**PROBLEM DESCRIPTION:**
Extract each line of the records below that contains the word "Require".

**SUPPLIED MATERIAL:**
———
(* Let $D\ge2$ be fixed and $\lambda>0$. Let $\Gamma$ be a complete $D$-ary tree of depth $h\ge\bar h$ such that $K=o(n)$. Then for a realization $G$ of the graph under $\mathbb{P}_1$, the overlap of any estimator $\hat{\mathcal K}$ of the planted set satisfies $\mathrm{ov}(\hat{\mathcal K})\le(1-\delta)K$ for some $\delta>0$.
   Context: Model: $\mathbb{P}_1$: $G=G_0\cup G'$ with $G_0\sim\mathcal G(n,\lambda/n)$ and $G'$ the image of $\Gamma$ under an injection $\sigma$ of its vertex set into $[n]$ chosen uniformly at random independently of $G_0$; $\mathcal K$ is the image of $\sigma$. An estimator is a set $\hat{\mathcal K}$ of $K$ nodes computed from $G$; $\mathrm{ov}(\hat{\mathcal K})=\sum_{i\in[n]}\mathbb{P}_1(i\in\hat{\mathcal K}\cap\mathcal K)$. A complete $D$-ary tree of depth $h$ has root at depth $0$, each vertex at depth $<h$ has $D$ children, and $K=(D^{h+1}-1)/(D-1)$ vertices. $p_h$ is the probability that a Galton–Watson tree with offspring law $\mathrm{Poi}(\lambda)$ contains a complete $D$-ary tree of depth $h$ rooted at its root; $\bar h=\inf\{h>0:p_h<1/n\}$. *)

From HB Require Import structures.
From mathcomp Require Import all_boot all_order all_algebra.
From mathcomp Require Import all_classical all_reals all_analysis.
Set Implicit Arguments. Unset Strict Implicit. Unset Printing Implicit Defensive.
Import Order.TTheory GRing.Theory Num.Theory.
Local Open Scope ring_scope.

Definition poisson_pmf (R : realType) (lam : R) (k : nat) : R :=
  expR (- lam) * lam ^+ k / (k`!)%:R.

Definition binom_tail (R : realType) (k : nat) (q : R) (D : nat) : R :=
  \sum_(D <= j < k.+1) ('C(k, j))%:R * q ^+ j * (1 - q) ^+ (k - j).

(* p_h = probability that a Galton-Watson tree with Poi(lam) offspring
   contains a complete D-ary tree of depth h rooted at its root.  Depth h+1: the root has
   k ~ Poi(lam) children whose subtrees are i.i.d. GW trees, and we need
   at least D of them to contain a complete D-ary tree of depth h
   rooted at that child. *)
Fixpoint ptree (R : realType) (lam : R) (D : nat) (h : nat) : R :=
  match h with
  | 0 => 1
  | h'.+1 => limn (fun N : nat => \sum_(0 <= k < N) (poisson_pmf lam k * binom_tail k (ptree lam D h') D))
  end.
———
**PROBLEM SOLUTION:**
From HB Require Import structures.
From mathcomp Require Import all_boot all_order all_algebra.
From mathcomp Require Import all_classical all_reals all_analysis.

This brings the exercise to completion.